ツールチップ:CZ1702ToolTip

 FlexChartには特に何も指定しなくてもグラフ上にマウスを持っていくだけで値を表示(ツールチップ)する機能があります。

図3 値表示
図3 値表示

 Y軸値が表示されるだけよい場合もありますが、気温と降水量のような複合グラフの場合、マウス位置の年、気温、降水量が表示されると便利です。このようなときはツールチップの内容を指定できます。

リスト4 ツールチップ指定のXAML
<c1:C1FlexChart BindingX="Year" ItemsSource="{Binding Data}"
          ToolTipContent="{}Year: {Year}&#x000A;降水量: {Prec}&#x000A;気温: {Temp}" >
    <c1:C1FlexChart.Series>
        <c1:Series SeriesName="降水量" Binding="Prec" ChartType="Bar">
            <c1:Series.AxisY>
                <c1:Axis Position="Right" Title="年間降水量" Min="0"/>
            </c1:Series.AxisY>
        </c1:Series>
        <c1:Series SeriesName="気温" Binding="Temp" ChartType="Line">
            <c1:Series.AxisY>
                <c1:Axis Position="Left" Title="年間平均気温" />
            </c1:Series.AxisY>
        </c1:Series>
    </c1:C1FlexChart.Series>
</c1:C1FlexChart>

 このようにToolTipContentプロパティに表示したい項目値を指定します。
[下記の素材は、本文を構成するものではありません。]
(* Let $p\in(0,1]$. Let $Q=(q_{j,k})_{j,k\geq 0}$ be the generator on $\mathbb N_0$ with $q_{j,j+1}=jp$, $q_{j,k}=\binom{j}{k}p^k(1-p)^{j-k}$ for $0\leq k\leq j-1$, $q_{j,j}=-(jp+1-p^j)$, and $q_{j,k}=0$ otherwise. Let $\bar Q=(\bar q_{j,k})_{j,k\geq1}$ be the generator on $\mathbb N=\{1,2,\dots\}$ with $\bar q_{j,k}=\binom{j-1}{k-1}p^k(1-p)^{j-k}$ for $1\leq k\leq j-1$, $\bar q_{j,j+1}=(j+1)p$, $\bar q_{j,j}=p^j-(2+j)p$, and $\bar q_{j,k}=0$ otherwise. If $\bar Q$ defines a positive recurrent Markov chain, then there exists a quasi-stationary distribution $a$ for $Q$ with eigenvalue $-(1-2p)$, i.e. $a=(a_k)_{k\geq1}$ with $a_k\geq0$, $\sum_k a_k=1$ and $\sum_{j\geq1}a_jq_{j,k}=-(1-2p)a_k$ for all $k\geq1$.
   Context: $\bar Q$ is the $(1-2p)$-dual of $Q$ with respect to the vector $x_k=k$, i.e. $\bar q_{j,k}=(q_{j,k}+(1-2p)\delta_{jk})k/j$ for $j,k\geq1$. *)

From Stdlib Require Import Reals Arith.
From Coquelicot Require Import Coquelicot.
Open Scope R_scope.

(** A generator (Q-matrix) on a state space of naturals, as a function
    nat -> nat -> R.  The state space is {k | m <= k} for a lower bound m. *)

Definition Qgen (p : R) (j k : nat) : R :=
  if Nat.eqb k (S j) then INR j * p
  else if Nat.ltb k j then Binomial.C j k * p ^ k * (1 - p) ^ (j - k)
  else if Nat.eqb k j then - (INR j * p + 1 - p ^ j)
  else 0.

(** The generator Qbar on N = {1,2,...} of the paper
    (values outside j,k >= 1 are irrelevant and set to 0). *)
Definition Qbar (p : R) (j k : nat) : R :=
  if (Nat.eqb j 0 || Nat.eqb k 0)%bool then 0
  else if Nat.ltb k j then Binomial.C (j - 1) (k - 1) * p ^ k * (1 - p) ^ (j - k)
  else if Nat.eqb k (S j) then INR (S j) * p
  else if Nat.eqb k j then p ^ j - (2 + INR j) * p
  else 0.

Definition jrate (G : nat -> nat -> R) (j : nat) : R := - G j j.

Definition jprob (G : nat -> nat -> R) (j k : nat) : R :=
  if Req_EM_T (jrate G j) 0 then (if Nat.eqb j k then 1 else 0)
  else if Nat.eqb j k then 0 else G j k / jrate G j.

(** [hitp m G i n j] = P_j(X_1,...,X_n <> i, X_(n+1) = i) for the jump chain
    (X_l) of G on the state space {k | m <= k}. *)
Fixpoint hitp (m : nat) (G : nat -> nat -> R) (i : nat) (n : nat) (j : nat) : R :=
  match n with
  | O => jprob G j i
  | S n' => Series (fun k => if (Nat.leb m k && negb (Nat.eqb k i))%bool
                             then jprob G j k * hitp m G i n' k else 0)
  end.

(** [hitt m G i n j] = E_j[(sum_{l <= n} 1/q(X_l)) ; X_1..X_n <> i, X_(n+1) = i],
    i.e. the expected time of the continuous-time chain (sum of exponential
    holding times with means 1/q) on the event that the first return/hit of i
    by the jump chain happens at jump n+1. *)
Fixpoint hitt (m : nat) (G : nat -> nat -> R) (i : nat) (n : nat) (j : nat) : R :=
  match n with
  | O => jprob G j i / jrate G j
  | S n' => Series (fun k => if (Nat.leb m k && negb (Nat.eqb k i))%bool
                             then jprob G j k * (hitp m G i n' k / jrate G j + hitt m G i n' k)
                             else 0)
  end.

(** State i is positive recurrent: starting from i, the chain returns to i with
    probability 1, and the expected return time
    m_i = E_i[T_i], T_i = inf{t >= J_1 : X_t = i}, is finite. *)
Definition pos_recurrent_state (m : nat) (G : nat -> nat -> R) (i : nat) : Prop :=
  is_series (fun n => hitp m G i n i) 1 /\ ex_series (fun n => hitt m G i n i).

Definition pos_recurrent (m : nat) (G : nat -> nat -> R) : Prop :=
  forall i, (m <= i)%nat -> pos_recurrent_state m G i.

Definition is_qsd (Q : nat -> nat -> R) (a : nat -> R) (lam : R) : Prop :=
  (forall k, (1 <= k)%nat -> 0 <= a k) /\
  is_series (fun n => a (S n)) 1 /\
  (forall k, (1 <= k)%nat -> is_series (fun n => a (S n) * Q (S n) k) (lam * a k)).

(* If the dual chain Qbar is positive recurrent, the cycle construction at state 1 gives an
   invariant measure of its jump chain: nu_k, the expected number of visits to k during an
   excursion from 1.  Dividing by the jump rates gives mu_k = nu_k / qbar_k with mu Qbar = 0,
   and sum_k mu_k is at most the mean return time to 1, hence finite.  Since Qbar is the
   (1-2p)-dual of Q with respect to x_k = k, the normalisation of mu_k / k is a
   quasi-stationary distribution of Q with eigenvalue -(1-2p).  The cycle construction only
   uses that the jump chain on {1, 2, ...} is stochastic, skip-free upwards, and has rates
   bounded away from 0. *)

From Stdlib Require Import Reals Lra Lia.
From Coquelicot Require Import Coquelicot.
Open Scope R_scope.

Fixpoint psum (f : nat -> R) (n : nat) : R :=
  match n with O => 0 | S n => psum f n + f n end.

Lemma psum_sum_n f N : sum_n f N = psum f (S N).
Proof.
  induction N; simpl.
  - rewrite sum_O. lra.
  - rewrite sum_Sn, IHN. reflexivity.
Qed.

Lemma psum_ext f g N : (forall k, (k < N)%nat -> f k = g k) -> psum f N = psum g N.
Proof.
  induction N; simpl; intros H; auto.
  rewrite IHN by (intros; apply H; lia). rewrite H by lia. reflexivity.
Qed.

Lemma psum_plus f g N : psum (fun k => f k + g k) N = psum f N + psum g N.
Proof. induction N; simpl; lra. Qed.

Lemma psum_minus f g N : psum (fun k => f k - g k) N = psum f N - psum g N.
Proof. induction N; simpl; lra. Qed.

Lemma psum_scal_l a f N : psum (fun k => a * f k) N = a * psum f N.
Proof. induction N; simpl; [lra|]. rewrite IHN; ring. Qed.

Lemma psum_scal_r a f N : psum (fun k => f k * a) N = psum f N * a.
Proof. induction N; simpl; [lra|]. rewrite IHN; ring. Qed.

Lemma psum_zero N : psum (fun _ => 0) N = 0.
Proof. induction N; simpl; lra. Qed.

Lemma psum_const a N : psum (fun _ => a) N = INR N * a.
Proof. induction N; [simpl; ring|]. rewrite S_INR. simpl psum. rewrite IHN. ring. Qed.

Lemma psum_trunc f N B :
  (forall k, (N <= k)%nat -> f k = 0) -> (N <= B)%nat -> psum f B = psum f N.
Proof. intros H HB. induction HB; auto. simpl. rewrite IHHB, H by lia. lra. Qed.

Lemma psum_le f g N : (forall k, (k < N)%nat -> f k <= g k) -> psum f N <= psum g N.
Proof.
  induction N; simpl; intros H; [lra|].
  pose proof (H N ltac:(lia)). pose proof (IHN ltac:(intros; apply H; lia)). lra.
Qed.

Lemma psum_nonneg f N : (forall k, (k < N)%nat -> 0 <= f k) -> 0 <= psum f N.
Proof. intros H. rewrite <- (psum_zero N). apply psum_le. auto. Qed.

Lemma psum_incr f N M : (forall k, 0 <= f k) -> (N <= M)%nat -> psum f N <= psum f M.
Proof. intros H HM. induction HM; simpl; [lra|]. specialize (H m). lra. Qed.

Lemma psum_term_le f k B : (forall j, 0 <= f j) -> (k < B)%nat -> f k <= psum f B.
Proof.
  intros H Hk. apply Rle_trans with (psum f (S k)).
  - simpl. pose proof (psum_nonneg f k ltac:(auto)). lra.
  - apply psum_incr; auto.
Qed.

Lemma psum_shift f N : psum f (S N) = f O + psum (fun k => f (S k)) N.
Proof. induction N; simpl in *; lra. Qed.

Lemma psum_split f N M : psum f (N + M) = psum f N + psum (fun k => f (N + k)%nat) M.
Proof.
  induction M; simpl.
  - rewrite Nat.add_0_r. lra.
  - rewrite Nat.add_succ_r. simpl. rewrite IHM. lra.
Qed.

Lemma psum_exchange (f : nat -> nat -> R) N M :
  psum (fun i => psum (fun j => f i j) M) N = psum (fun j => psum (fun i => f i j) N) M.
Proof.
  induction N; simpl.
  - rewrite psum_zero. reflexivity.
  - rewrite IHN, <- psum_plus. reflexivity.
Qed.

Lemma psum_delta f k B :
  (k < B)%nat -> psum (fun j => (if Nat.eqb j k then 1 else 0) * f j) B = f k.
Proof.
  intros Hk. rewrite (psum_trunc _ (S k)); [|intros j Hj|lia].
  2:{ destruct (Nat.eqb_spec j k); [lia|ring]. }
  simpl. rewrite Nat.eqb_refl, (psum_ext _ (fun _ => 0)), psum_zero; [ring|].
  intros j Hj. destruct (Nat.eqb_spec j k); [lia|ring].
Qed.

Lemma is_series_psum (f : nat -> R) (s : R) : is_series f s <-> is_lim_seq (psum f) s.
Proof.
  rewrite (is_lim_seq_incr_1 (psum f)). split; intros H.
  - eapply is_lim_seq_ext; [|exact H]. intros N. apply psum_sum_n.
  - eapply is_lim_seq_ext in H; [exact H|]. intros N. symmetry. apply psum_sum_n.
Qed.

Lemma is_lim_seq_le_R u v (l1 l2 : R) :
  (forall n, u n <= v n) -> is_lim_seq u l1 -> is_lim_seq v l2 -> l1 <= l2.
Proof. intros H H1 H2. exact (is_lim_seq_le u v l1 l2 H H1 H2). Qed.

Lemma psum_le_series f s N : (forall n, 0 <= f n) -> is_series f s -> psum f N <= s.
Proof.
  intros H Hs. apply is_series_psum in Hs. apply (is_lim_seq_incr_compare _ _ Hs).
  intros n. simpl. specialize (H n). lra.
Qed.

Lemma is_series_nonneg_bounded f M : (forall n, 0 <= f n) -> (forall N, psum f N <= M) ->
  exists s, is_series f s /\ s <= M.
Proof.
  intros H HM.
  assert (Hincr : forall n, psum f n <= psum f (S n)) by (intros n; simpl; specialize (H n); lra).
  destruct (ex_finite_lim_seq_incr _ M Hincr HM) as [s Hs].
  exists s. split.
  - apply is_series_psum. exact Hs.
  - apply (is_lim_seq_le_R _ (fun _ => M) s M HM Hs (is_lim_seq_const M)).
Qed.

Lemma is_lim_seq_psum (u : nat -> nat -> R) (l : nat -> R) J :
  (forall j, is_lim_seq (fun L => u L j) (l j)) -> is_lim_seq (fun L => psum (u L) J) (psum l J).
Proof.
  intros H. induction J; simpl.
  - apply is_lim_seq_const.
  - apply is_lim_seq_plus'; auto.
Qed.

Lemma is_series_psum_comm (u : nat -> nat -> R) (F : nat -> R) J :
  (forall j, is_series (fun l => u l j) (F j)) -> is_series (fun l => psum (u l) J) (psum F J).
Proof.
  intros H. apply is_series_psum.
  apply (is_lim_seq_ext (fun L => psum (fun j => psum (fun l => u l j) L) J)).
  - intros L. apply psum_exchange.
  - apply is_lim_seq_psum. intros j. apply is_series_psum, H.
Qed.

Lemma is_series_finite f N : (forall k, (N <= k)%nat -> f k = 0) -> is_series f (psum f N).
Proof.
  intros H. apply is_series_psum, (is_lim_seq_incr_n _ N).
  apply (is_lim_seq_ext (fun _ => psum f N)); [|apply is_lim_seq_const].
  intros n. symmetry. apply psum_trunc; auto; lia.
Qed.

Lemma Series_finite f N : (forall k, (N <= k)%nat -> f k = 0) -> Series f = psum f N.
Proof. intros H. apply is_series_unique, is_series_finite, H. Qed.

Lemma is_series_shift (f : nat -> R) (s : R) :
  f 0%nat = 0 -> is_series f s -> is_series (fun n => f (S n)) s.
Proof.
  intros H0 Hs. apply is_series_incr_1. rewrite H0.
  change (is_series f (s + 0)). rewrite Rplus_0_r. exact Hs.
Qed.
「&#x000A」は改行指定です。

図4 ツールチップ表示
図4 ツールチップ表示

レンジセレクタ: CZ1702RangeSelector

 データ量の多いグラフを見ていると一部のエリアを拡大してみたい時があります。そのようなときに便利なのがレンジセレクタ機能です。

図5 レンジセレクタ表示
図5 レンジセレクタ表示

 図にあるように全体の範囲から任意の範囲を選択すると、その部分だけをグラフに表示するのがFlexChartのレンジセレクタです。範囲をきめてそれをマウスでドラッグして表示エリアをスクロールすることもできます。

 このような機能を実現するためにはどれくらいのコードを書かないといけないのでしょうか。結論から言えば、FlexChartではXAML定義だけでレンジセレクタを実装可能でC#のコード記述は不要です。

リスト5 コードセレクタのXAML
<Grid>
    <Grid.RowDefinitions>
        <RowDefinition />
        <RowDefinition Height="100" />
    </Grid.RowDefinitions>
    <c1:C1FlexChart BindingX="Year" ItemsSource="{Binding Data}">
        <c1:C1FlexChart.Series>
            <c1:Series SeriesName="降水量" Binding="Prec" ChartType="Bar">
                <c1:Series.AxisY>
                    <c1:Axis Position="Right" Title="年間降水量" Min="0"/>
                </c1:Series.AxisY>
            </c1:Series>
            <c1:Series SeriesName="気温" Binding="Temp" ChartType="Line">
                <c1:Series.AxisY>
                    <c1:Axis Position="Left" Title="年間平均気温" />
                </c1:Series.AxisY>
            </c1:Series>
        </c1:C1FlexChart.Series>
        <c1:C1FlexChart.AxisX>
            <c1:Axis Min="{Binding Source={x:Reference Name=Range}, Path=LowerValue}"
                     Max="{Binding Source={x:Reference Name=Range}, Path=UpperValue}" />
        </c1:C1FlexChart.AxisX>
    </c1:C1FlexChart>
    <c1:C1FlexChart BindingX="Year" Binding="Temp" ChartType="Line"
                    ItemsSource="{Binding Data}"
                    ToolTip="{x:Null}" Grid.Row="1">
        <c1:Series />
        <c1:C1FlexChart.Layers>
            <c1:C1RangeSelector x:Name="Range" />
        </c1:C1FlexChart.Layers>
    </c1:C1FlexChart>
</Grid>

 コードセレクタを実現している重要な要素が「C1FlexChart.AxisX」と「C1RangeSelector」です。「C1RangeSelector」で範囲指定のUIが実現できますし、そこでの範囲値であるLowerValueプロパティとUpperValueプロパティを「C1FlexChart.AxisX」のMinプロパティとMaxプロパティにそれぞれBindingすることで範囲指定と範囲部分のグラフ表示を連携させています。FlexChartがXAMLにきちんと対応しているからこそ、このように簡単に定義することができます。

トレンドライン:CZ1702TrendLine

 グラフ化するだけでもデータの傾向をつかむことはできます。

 FlexChartであれば、傾向が一目でわかる情報をグラフに加えることで、傾向をつかむために考える時間を短縮し、その傾向から次は何をすべきかを考える時間を増やすようなグラフ化が可能です。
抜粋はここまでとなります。